*TASK INSTRUCTIONS:* Each line from the one containing "mul0mx, addr0, add0r)." through the end of the data below is to be output verbatim, with no lines added or left out.

MATERIALS PROVIDED below:

Lemma srk_opp m n (M : 'M[A]_(m, n)) : rk _ _ (- M) = rk _ _ M.
Proof.
have le_opp (N : 'M[A]_(m, n)) : rk _ _ (- N) <= rk _ _ N.
  by rewrite -[N in - N]mul1mx -mulNmx srk_mulr.
by apply/le_anti; rewrite le_opp /= -{1}[M]opprK le_opp.
Qed.

Lemma srk_border {n} {M M' : 'M[A]_n} (u : 'M[A]_(1, n)) (v : 'M[A]_(n, 1)) :
  mx_inverse M M' -> rk _ _ (border_mx M u v) = n%:R + rk 1 1 (u *m M' *m v).
Proof.
move=> MM'; have := mx_inverse_block_upper (M' *m v) (mx_inverse1 n) (mx_inverse1 1).
rewrite mulmx1 mul1mx => upper.
rewrite (border_mx_factor u v MM') (srk_mul_inverse _ (mx_inverse_block_lower1 _) upper).
by rewrite (srk_diag srk) (srk_mx_inverse MM') srk_opp.
Qed.

End SylvesterRank.

Section LinearRepresentation.
Context {R : realType} {A : algType R[i]} {d : nat} {Z : 'I_d -> A}.
Local Notation P := (ncpoly R d).
Local Notation ev := (nc_evalmx Z).

Definition linrep {n} (M : 'M[P]_n) (u : 'M[P]_(1, n)) (v : 'M[P]_(n, 1)) (a : A) :=
  exists M', mx_inverse (ev M) M' /\ ev u *m M' *m ev v = a%:M.

Lemma nc_evalmx_border n (M : 'M[P]_n) u v :
  ev (border_mx M u v) = border_mx (ev M) (ev u) (ev v).
Proof. by rewrite /nc_evalmx /border_mx map_block_mx map_mx0. Qed.

Lemma linrep_poly (p : P) : linrep (1%:M : 'M_1) p%:M 1%:M (nc_eval Z p).
Proof.
exists 1%:M; rewrite /nc_evalmx map_mx1 map_scalar_mx !mulmx1.
split => //; exact: mx_inverse1.
Qed.

Lemma linrep_entry {n} {M : 'M[P]_n} {N} i j :
  mx_inverse (ev M) N -> linrep M (delta_mx 0 i) (delta_mx j 0) (N i j).
Proof.
move=> MN; exists N; split => //.
by rewrite /nc_evalmx !map_delta_mx -rowE -colE [LHS]mx11_scalar !mxE.
Qed.

Lemma linrep_add {n1 n2} {M1 : 'M[P]_n1} {u1 v1 a1} {M2 : 'M[P]_n2} {u2 v2 a2} :
  linrep M1 u1 v1 a1 -> linrep M2 u2 v2 a2 ->
  linrep (block_mx M1 0 0 M2) (row_mx u1 u2) (col_mx v1 v2) (a1 + a2).
Proof.
move=> [N1 [MN1 e1]] [N2 [MN2 e2]].
exists (block_mx N1 (- (N1 *m 0 *m N2)) 0 N2).
rewrite /nc_evalmx map_block_mx map_row_mx map_col_mx !map_mx0.
split; first exact: mx_inverse_block_upper.
rewrite mul_row_block mul_row_col !(mulmx0, mul0mx, oppr0, addr0, add0r).
by rewrite e1 e2 raddfD.
Qed.

Lemma linrep_opp {n} {M : 'M[P]_n} {u v a} : linrep M u v a -> linrep M (- u) v (- a).
Proof.
move=> [N [MN e]]; exists N; split => //.
by rewrite /nc_evalmx map_mxN !mulNmx e raddfN.
Qed.

Lemma linrep_mul {n1 n2} {M1 : 'M[P]_n1} {u1 v1 a1} {M2 : 'M[P]_n2} {u2 v2 a2} :
  linrep M1 u1 v1 a1 -> linrep M2 u2 v2 a2 ->
  linrep (block_mx M1 (- (v1 *m u2)) 0 M2) (row_mx u1 0) (col_mx 0 v2) (a1 * a2).
Proof.
move=> [N1 [MN1 e1]] [N2 [MN2 e2]].
exists (block_mx N1 (- (N1 *m ev (- (v1 *m u2)) *m N2)) 0 N2).
rewrite {1}/nc_evalmx map_block_mx map_mx0.
split; first exact: mx_inverse_block_upper.
rewrite /nc_evalmx map_row_mx map_col_mx !map_mx0 map_mxN map_mxM.
rewrite mul_row_block mul_row_col !(mulmx0, mul0mx, addr0, add0r).
rewrite !(mulmxN, mulNmx) opprK !mulmxA e1 -!mulmxA.
by rewrite -!mulmxA in e2; rewrite e2 scalar_mxM.
Qed.

Lemma linrep_inv {n} {M : 'M[P]_n} {u v a c} :
  linrep M u v a -> a * c = 1 -> c * a = 1 ->
  linrep (border_mx M u v) (row_mx 0 (- 1%:M)) (col_mx 0 1%:M) c.
Proof.
move=> [M' [MM' uMv]] ac ca.
have aC : mx_inverse (ev u *m M' *m ev v) c%:M.
  by rewrite uMv; split; rewrite -scalar_mxM ?ac ?ca.
eexists; split; first by rewrite nc_evalmx_border; exact: mx_inverse_border MM' aC.
rewrite /nc_evalmx map_row_mx map_col_mx !map_mx0 map_mxN map_mx1.
by rewrite border_mx_corner block_mxKdr opprK.
Qed.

End of MATERIALS PROVIDED.

*SOLUTION:*
rewrite mul_row_block mul_row_col !(mulmx0, mul0mx, addr0, add0r).
rewrite !(mulmxN, mulNmx) opprK !mulmxA e1 -!mulmxA.
by rewrite -!mulmxA in e2; rewrite e2 scalar_mxM.
Qed.

Lemma linrep_inv {n} {M : 'M[P]_n} {u v a c} :
  linrep M u v a -> a * c = 1 -> c * a = 1 ->
  linrep (border_mx M u v) (row_mx 0 (- 1%:M)) (col_mx 0 1%:M) c.
Proof.
move=> [M' [MM' uMv]] ac ca.
have aC : mx_inverse (ev u *m M' *m ev v) c%:M.
  by rewrite uMv; split; rewrite -scalar_mxM ?ac ?ca.
eexists; split; first by rewrite nc_evalmx_border; exact: mx_inverse_border MM' aC.
rewrite /nc_evalmx map_row_mx map_col_mx !map_mx0 map_mxN map_mx1.
by rewrite border_mx_corner block_mxKdr opprK.
Qed.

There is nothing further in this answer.